Integration causing the issue

nest

Link to integration documentation on our website

https://www.home-assistant.io/integrations/nest

Diagnostics information

{
  "home_assistant": {
    "installation_type": "Home Assistant Container",
    "version": "2022.2.9",
    "dev": false,
    "hassio": false,
    "virtualenv": false,
    "python_version": "3.9.7",
    "docker": true,
    "arch": "armv7l",
    "timezone": "Europe/Brussels",
    "os_name": "Linux",
    "os_version": "5.10.63-v7l+",
    "run_as_root": true
  },
  "custom_components": {
    "config_editor": {
      "version": "3.0",
      "requirements": []
    },
    "hacs": {
      "version": "1.22.0",
      "requirements": [
        "aiogithubapi>=21.11.0"
      ]
    },
    "bosch": {
      "version": "0.17.3",
      "requirements": [
        "bosch-thermostat-client==0.17.3"
      ]
    },
    "afvalbeheer": {
      "version": "4.9.2",
      "requirements": [
        "rsa",
        "pycryptodome"
      ]
    },
    "authenticated": {
      "version": "21.9.0",
      "requirements": []
    }
  },
  "integration_manifest": {
    "domain": "nest",
    "name": "Nest",
    "config_flow": true,
    "dependencies": [
      "ffmpeg",
      "http",
      "media_source"
    ],
    "documentation": "https://www.home-assistant.io/integrations/nest",
    "requirements": [
      "python-nest==4.2.0",
      "google-nest-sdm==1.7.1"
    ],
    "codeowners": [
      "@allenporter"
    ],
    "quality_scale": "platinum",
    "dhcp": [
      {
        "macaddress": "18B430*"
      },
      {
        "macaddress": "641666*"
      },
      {
        "macaddress": "D8EB46*"
      },
      {
        "macaddress": "1C53F9*"
      }
    ],
    "iot_class": "cloud_push",
    "is_built_in": true
  },
  "data": {
    "subscriber": {
      "start": 1,
      "message_received": 7,
      "message_acked": 7
    },
    "devices": [
      {
        "data": {
          "name": "**REDACTED**",
          "type": "sdm.devices.types.DOORBELL",
          "assignee": "**REDACTED**",
          "traits": {
            "sdm.devices.traits.Info": {
              "customName": "**REDACTED**"
            },
            "sdm.devices.traits.CameraLiveStream": {
              "maxVideoResolution": {
                "width": 640,
                "height": 480
              },
              "videoCodecs": [
                "H264"
              ],
              "audioCodecs": [
                "AAC"
              ],
              "supportedProtocols": [
                "RTSP"
              ]
            },
            "sdm.devices.traits.CameraImage": {
              "maxImageResolution": {
                "width": 1920,
                "height": 1200
              }
            },
            "sdm.devices.traits.CameraPerson": {},
            "sdm.devices.traits.CameraSound": {},
            "sdm.devices.traits.CameraMotion": {},
            "sdm.devices.traits.CameraEventImage": {},
            "sdm.devices.traits.DoorbellChime": {}
          },
          "parentRelations": [
            {
              "parent": "**REDACTED**",
              "displayName": "**REDACTED**"
            }
          ]
        },
        "command": {
          "sdm.devices.commands.CameraLiveStream.GenerateRtspStream": 1
        },
        "event_media": {
          "event": 2,
          "event.new": 2,
          "event.fetch": 2,
          "fetch_image": 2,
          "fetch_image.skip": 2,
          "event.notify": 2
        }
      }
    ]
  }
}

Example YAML snippet

No response

Anything in the logs that might be useful for us?

No response

Additional information

No response

crenus commented 2 years ago

@allenporter thanks for all your help!

At least interim solution that works, when you do the setup, you can choose which devices that you want to import.
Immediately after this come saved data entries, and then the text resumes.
(* Let $\Pi$ be a $2$-dimensional toral sub-manifold confined to a plane, parametrised as $\Pi=\{u\xi+v\eta:(u,v)\in[0,A]\times[0,B]\}$. Then $$\iint_{\Pi^2}\left(r^2+\frac{D\Omega D^T}{m}+\frac{\mathrm{tr}(H\Omega H\Omega)}{m^2}\right)dp\,dp'\ll_\Pi\frac1N+\frac{\mathcal{G}}{N^2},$$ where $$\mathcal{G}=\sum_{\substack{\lambda,\lambda'\in\Lambda_m\\ \lambda\neq\lambda'}}\left|\int_0^A\int_0^B e^{2\pi i\langle\lambda-\lambda',u\xi+v\eta\rangle}du\,dv\right|^2.$$
   Context: For a positive integer $m$ let $\Lambda=\Lambda_m=\{\lambda\in\mathbb{Z}^3:\|\lambda\|^2=m\}$ and $N=|\Lambda_m|$; $m$ ranges over integers with $m\not\equiv 0,4,7\pmod 8$ and bounds refer to $m\to\infty$. Let $\vec n=(n_1,n_2,n_3)$ be the unit normal to the plane containing $\Pi\subset\mathbb{T}^3=\mathbb{R}^3/\mathbb{Z}^3$, $\{\vec n,\xi,\eta\}$ an orthonormal basis of $\mathbb{R}^3$, and $\Pi$ parametrised by $\gamma:[0,A]\times[0,B]\to\Pi$, $(u,v)\mapsto u\xi+v\eta$, where $A=\max\{u:u\xi+v\eta\in\Pi\}$, $B=\max\{v:u\xi+v\eta\in\Pi\}$. For $p=u\xi+v\eta$, $p'=u'\xi+v'\eta$: $r(p,p')=\frac1N\sum_{\lambda\in\Lambda}e^{2\pi i\langle\lambda,(u'-u)\xi+(v'-v)\eta\rangle}$; $D(p,p')=\frac{2\pi i}{N}\sum_{\lambda}e^{2\pi i\langle\lambda,(u'-u)\xi+(v'-v)\eta\rangle}\lambda$ (row vector); $H(p,p')=-\frac{4\pi^2}{N}\sum_{\lambda}e^{2\pi i\langle\lambda,(u'-u)\xi+(v'-v)\eta\rangle}\lambda^T\lambda$; $\Omega=\begin{pmatrix}n_2^2+n_3^2&-n_1n_2&-n_1n_3\\-n_1n_2&n_1^2+n_3^2&-n_2n_3\\-n_1n_3&-n_2n_3&n_1^2+n_2^2\end{pmatrix}$. Integration over $\Pi^2$ is with respect to surface area measure. *)

From Stdlib Require Import Reals ZArith List.
From Coquelicot Require Import Coquelicot.
Import ListNotations.
Open Scope R_scope.

Definition vec3 : Type := (R * R * R)%type.
Definition zvec3 : Type := (Z * Z * Z)%type.

Definition comp3 (v : vec3) (i : nat) : R :=
  match i with 0%nat => fst (fst v) | 1%nat => snd (fst v) | _ => snd v end.

Definition dot3 (x y : vec3) : R :=
  comp3 x 0 * comp3 y 0 + comp3 x 1 * comp3 y 1 + comp3 x 2 * comp3 y 2.

Definition vadd3 (x y : vec3) : vec3 :=
  (comp3 x 0 + comp3 y 0, comp3 x 1 + comp3 y 1, comp3 x 2 + comp3 y 2).
Definition vscale3 (a : R) (x : vec3) : vec3 :=
  (a * comp3 x 0, a * comp3 x 1, a * comp3 x 2).

Definition zvecR (l : zvec3) : vec3 :=
  (IZR (fst (fst l)), IZR (snd (fst l)), IZR (snd l)).

Definition zsub3 (l l' : zvec3) : zvec3 :=
  ((fst (fst l) - fst (fst l'))%Z, (snd (fst l) - snd (fst l'))%Z, (snd l - snd l')%Z).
I just excluded my cameras and doorbell, this way the thermostats could still be imported. It's camera feeds/events bringing mine down

tcc0 commented 2 years ago

@crenus tried the same by only importing the nest v3 thermostat but the cpu and the temperature is rising like crazy after that, thanks for the tip tho

crenus commented 2 years ago

@tcc0 what pi are you running, and are you running a lot of other containers or other on it?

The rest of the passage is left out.